## Dataset records
────────────────
(* Let $U$ be a nonzero subspace of $\mathbb{F}_q^n$ and let $u$ be the minimum element of $U\setminus\{0\}$ with respect to the total order $\prec$ on $\mathbb{F}_q^n$. Then $u$ is the last row of the reduced row echelon form of a generator matrix of $U$.
   Context: Fix a total order $\prec$ on $\mathbb{F}_q$ such that $0\prec1\prec\alpha$ for all $\alpha\in\mathbb{F}_q\setminus\{0,1\}$, and extend it lexicographically to a total order $\prec$ on $\mathbb{F}_q^n$. The reduced row echelon form of a $k$-dimensional subspace is its unique $k\times n$ generator matrix in reduced row echelon form (the leading nonzero positions of the rows increase from top to bottom). *)

From HB Require Import structures.
From mathcomp Require Import all_boot all_order all_algebra all_field.
Set Implicit Arguments. Unset Strict Implicit. Unset Printing Implicit Defensive.
Import GRing.Theory.
Local Open Scope ring_scope.

Definition strict_total_order (F : eqType) (lt : rel F) : Prop :=
  [/\ (forall a, ~~ lt a a),
      (forall a b c, lt a b -> lt b c -> lt a c)
    & (forall a b, a != b -> lt a b || lt b a)].

Definition admissible_order (F : finFieldType) (lt : rel F) : Prop :=
  [/\ strict_total_order lt, lt 0 1
    & (forall a : F, a != 0 -> a != 1 -> lt 1 a)].

Definition lex_lt (F : finFieldType) (lt : rel F) (n : nat)
    (x y : 'rV[F]_n) : bool :=
  [exists i : 'I_n,
     [forall j : 'I_n, (j < i)%N ==> (x 0 j == y 0 j)] && lt (x 0 i) (y 0 i)].

Definition is_rref (F : fieldType) (k n : nat) (R : 'M[F]_(k, n)) : Prop :=
  exists lead : 'I_k -> 'I_n,
    [/\ (forall (i : 'I_k) (j : 'I_n), (j < lead i)%N -> R i j = 0),
        (forall i : 'I_k, R i (lead i) = 1),
        (forall i i' : 'I_k, (i < i')%N -> (lead i < lead i')%N)
      & (forall i i' : 'I_k, i != i' -> R i' (lead i) = 0)].

From mathcomp Require Import all_boot all_order all_algebra all_field.
Set Implicit Arguments. Unset Strict Implicit. Unset Printing Implicit Defensive.
Import GRing.Theory.
Local Open Scope ring_scope.

(** Every vector of the row space of a matrix R in reduced row echelon form
    is the combination of the rows of R whose coefficients are its entries at
    the pivot columns.  For a nonzero u, let i be the first row with
    [u (lead i) != 0]; then u vanishes before [lead i], and so does the last
    row r of R.  At [lead i], r has entry 0 if i is not the last row and
    entry 1 otherwise (in which case u is a scalar multiple c r with c <> 1).
    Since 0 and 1 are the two smallest elements of F_q, r precedes u, so r is
    the lexicographically least nonzero vector of the row space. *)

Section LexOrder.

Variables (F : finFieldType) (lt : rel F) (n : nat).

Lemma lex_ltI (x y : 'rV[F]_n) (a : 'I_n) :
  (forall j : 'I_n, (j < a)%N -> x 0 j = y 0 j) -> lt (x 0 a) (y 0 a) ->
  lex_lt lt x y.
Proof.
move=> eq_pre lt_a; apply/existsP; exists a; rewrite lt_a andbT.
by apply/forallP => j; apply/implyP => /eq_pre ->.
Qed.

Lemma lex_lt_asym (x y : 'rV[F]_n) :
  strict_total_order lt -> lex_lt lt x y -> ~~ lex_lt lt y x.
Proof.
move=> [irr trans _] /existsP[i /andP[/forallP eq_i lt_i]].
apply/negP => /existsP[i' /andP[/forallP eq_i' lt_i']].
case: (ltngtP i i') => [ii'|i'i|/val_inj ii'].
- by move: lt_i; rewrite (eqP (implyP (eq_i' i) ii')) (negbTE (irr _)).
- by move: lt_i'; rewrite (eqP (implyP (eq_i i') i'i)) (negbTE (irr _)).
- by move: lt_i'; rewrite -ii' => /(trans _ _ _ lt_i); rewrite (negbTE (irr _)).
Qed.

Lemma admissible_gt0 (a : F) : admissible_order lt -> a != 0 -> lt 0 a.
Proof.
move=> [[_ trans _] lt01 lt1a] a0.
by case: (eqVneq a 1) => [-> // | a1]; apply: trans lt01 (lt1a _ a0 a1).
Qed.

End LexOrder.

Section RowEchelon.

Variables (F : fieldType) (k n : nat) (R : 'M[F]_(k, n)) (lead : 'I_k -> 'I_n).
Hypotheses
  (lead_zero : forall (i : 'I_k) (j : 'I_n), (j < lead i)%N -> R i j = 0)
  (lead_one : forall i : 'I_k, R i (lead i) = 1)
  (lead_mono : forall i i' : 'I_k, (i < i')%N -> (lead i < lead i')%N)
  (pivot_col : forall i i' : 'I_k, i != i' -> R i' (lead i) = 0).

Lemma rref_lead_leq (i i' : 'I_k) : (i <= i')%N -> (lead i <= lead i')%N.
Proof. by rewrite leq_eqVlt => /predU1P[/val_inj -> // | /lead_mono/ltnW]. Qed.

Lemma rref_coefE (w : 'rV[F]_k) (i : 'I_k) : (w *m R) 0 (lead i) = w 0 i.
Proof.
rewrite mxE (bigD1 i) //= lead_one mulr1 big1 ?addr0 // => l li.
by rewrite pivot_col ?mulr0 // eq_sym.
Qed.

Lemma rref_rowspace_decomp (u : 'rV[F]_n) :
  (u <= R)%MS -> u = \sum_i u 0 (lead i) *: row i R.
Proof.
case/submxP=> w ->; rewrite {1}mulmx_sum_row.
by apply: eq_bigr => i _; rewrite rref_coefE.
Qed.

Lemma rref_rowspace_lead_zero (u : 'rV[F]_n) (i0 : 'I_k) :
  (u <= R)%MS -> (forall i : 'I_k, (i < i0)%N -> u 0 (lead i) = 0) ->
  forall j : 'I_n, (j < lead i0)%N -> u 0 j = 0.
Proof.
move=> uR u_pre j j_lt; rewrite (rref_rowspace_decomp uR) summxE big1 // => i _.
rewrite !mxE; case: (ltnP i i0) => [/u_pre -> | i0i]; first by rewrite mul0r.
by rewrite lead_zero ?mulr0 // (leq_trans j_lt (rref_lead_leq i0i)).
Qed.

Lemma rref_rowspace_scale_row (u : 'rV[F]_n) (i : 'I_k) :
  (u <= R)%MS -> (forall i' : 'I_k, i' != i -> u 0 (lead i') = 0) ->
  u = u 0 (lead i) *: row i R.
Proof.
move=> uR u_other; rewrite {1}(rref_rowspace_decomp uR) (bigD1 i) //=.
by rewrite big1 ?addr0 // => i' /u_other ->; rewrite scale0r.
Qed.

Lemma rref_row_neq0 (i : 'I_k) : row i R != 0.
Proof. by apply/rV0Pn; exists (lead i); rewrite mxE lead_one oner_neq0. Qed.

End RowEchelon.

Lemma rref_last_row_lex_min (F : finFieldType) (lt : rel F) (n k : nat)
    (R : 'M[F]_(k.+1, n)) (u : 'rV[F]_n) :
  admissible_order lt -> is_rref R ->
  (u <= R)%MS -> u != 0 -> u != row ord_max R -> lex_lt lt (row ord_max R) u.
Proof.
move=> lt_adm [lead [lead_zero lead_one lead_mono pivot_col]] uR u0 u_r.
have [i1 ui1] : exists i, u 0 (lead i) != 0.
  apply/existsP; apply: contra_neqT u0; rewrite negb_exists => /forallP u_piv.
  rewrite (rref_rowspace_decomp lead_one pivot_col uR) big1 // => i _.
  by move/negPn/eqP: (u_piv i) => ->; rewrite scale0r.
case: (@arg_minnP _ i1 (fun i => u 0 (lead i) != 0) val ui1) => i0 ui0 i0_min.
have u_pre (i : 'I_k.+1) : (i < i0)%N -> u 0 (lead i) = 0.
  by move=> ii0; apply/eqP; apply: contraLR ii0 => /i0_min; rewrite -leqNgt.
apply: (lex_ltI (a := lead i0)).
  move=> j j_lt; rewrite (rref_rowspace_lead_zero lead_zero lead_one lead_mono
    pivot_col uR u_pre j_lt) mxE lead_zero //.
  by apply: leq_trans j_lt _; apply: (rref_lead_leq lead_mono); exact: leq_ord.
case: (eqVneq i0 ord_max) => [i0_max | i0_nmax]; last first.
  by rewrite mxE pivot_col // admissible_gt0.
subst i0.
have u_scaled : u = u 0 (lead ord_max) *: row ord_max R.
  apply: (rref_rowspace_scale_row lead_one pivot_col uR) => i i_max.
  by rewrite u_pre // ltn_neqAle val_eqE i_max leq_ord.
have [_ _ lt1a] := lt_adm.
rewrite mxE lead_one lt1a //.
by apply: contra_neq u_r => c1; rewrite {1}u_scaled c1 scale1r.
Qed.

Theorem lemma5p3 (F : finFieldType) (lt : rel F) (n m : nat)
    (A : 'M[F]_(m, n)) (u : 'rV[F]_n) :
  admissible_order lt ->
  A != 0 ->
  (u <= A)%MS -> u != 0 ->
  (forall v : 'rV[F]_n, (v <= A)%MS -> v != 0 -> v != u -> lex_lt lt u v) ->
  forall (k : nat) (R : 'M[F]_(k.+1, n)),
    is_rref R -> (R == A)%MS -> row ord_max R = u.
Proof.
move=> lt_adm _ uA u0 u_min k R R_rref /andP[RA AR].
have [lt_order _ _] := lt_adm.
have [lead [_ lead_one _ _]] := R_rref.
have r0 := rref_row_neq0 lead_one ord_max.
have rA : (row ord_max R <= A)%MS := submx_trans (row_sub _ _) RA.
apply/eqP; apply: contraT => r_u.
have := lex_lt_asym lt_order (u_min _ rA r0 r_u).
by rewrite rref_last_row_lex_min // ?(submx_trans uA AR) // eq_sym.
Qed.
────────────────
## The problem
Copy out each line of the data above, exactly, if it lies between the line holding "- by move: lt_i'; rewrite -ii'" and the line holding "Lemma rref_rowspace_lead_zero (u", inclusive; copy no other line.

## Response below
- by move: lt_i'; rewrite -ii' => /(trans _ _ _ lt_i); rewrite (negbTE (irr _)).
Qed.

Lemma admissible_gt0 (a : F) : admissible_order lt -> a != 0 -> lt 0 a.
Proof.
move=> [[_ trans _] lt01 lt1a] a0.
by case: (eqVneq a 1) => [-> // | a1]; apply: trans lt01 (lt1a _ a0 a1).
Qed.

End LexOrder.

Section RowEchelon.

Variables (F : fieldType) (k n : nat) (R : 'M[F]_(k, n)) (lead : 'I_k -> 'I_n).
Hypotheses
  (lead_zero : forall (i : 'I_k) (j : 'I_n), (j < lead i)%N -> R i j = 0)
  (lead_one : forall i : 'I_k, R i (lead i) = 1)
  (lead_mono : forall i i' : 'I_k, (i < i')%N -> (lead i < lead i')%N)
  (pivot_col : forall i i' : 'I_k, i != i' -> R i' (lead i) = 0).

Lemma rref_lead_leq (i i' : 'I_k) : (i <= i')%N -> (lead i <= lead i')%N.
Proof. by rewrite leq_eqVlt => /predU1P[/val_inj -> // | /lead_mono/ltnW]. Qed.

Lemma rref_coefE (w : 'rV[F]_k) (i : 'I_k) : (w *m R) 0 (lead i) = w 0 i.
Proof.
rewrite mxE (bigD1 i) //= lead_one mulr1 big1 ?addr0 // => l li.
by rewrite pivot_col ?mulr0 // eq_sym.
Qed.

Lemma rref_rowspace_decomp (u : 'rV[F]_n) :
  (u <= R)%MS -> u = \sum_i u 0 (lead i) *: row i R.
Proof.
case/submxP=> w ->; rewrite {1}mulmx_sum_row.
by apply: eq_bigr => i _; rewrite rref_coefE.
Qed.

Lemma rref_rowspace_lead_zero (u : 'rV[F]_n) (i0 : 'I_k) :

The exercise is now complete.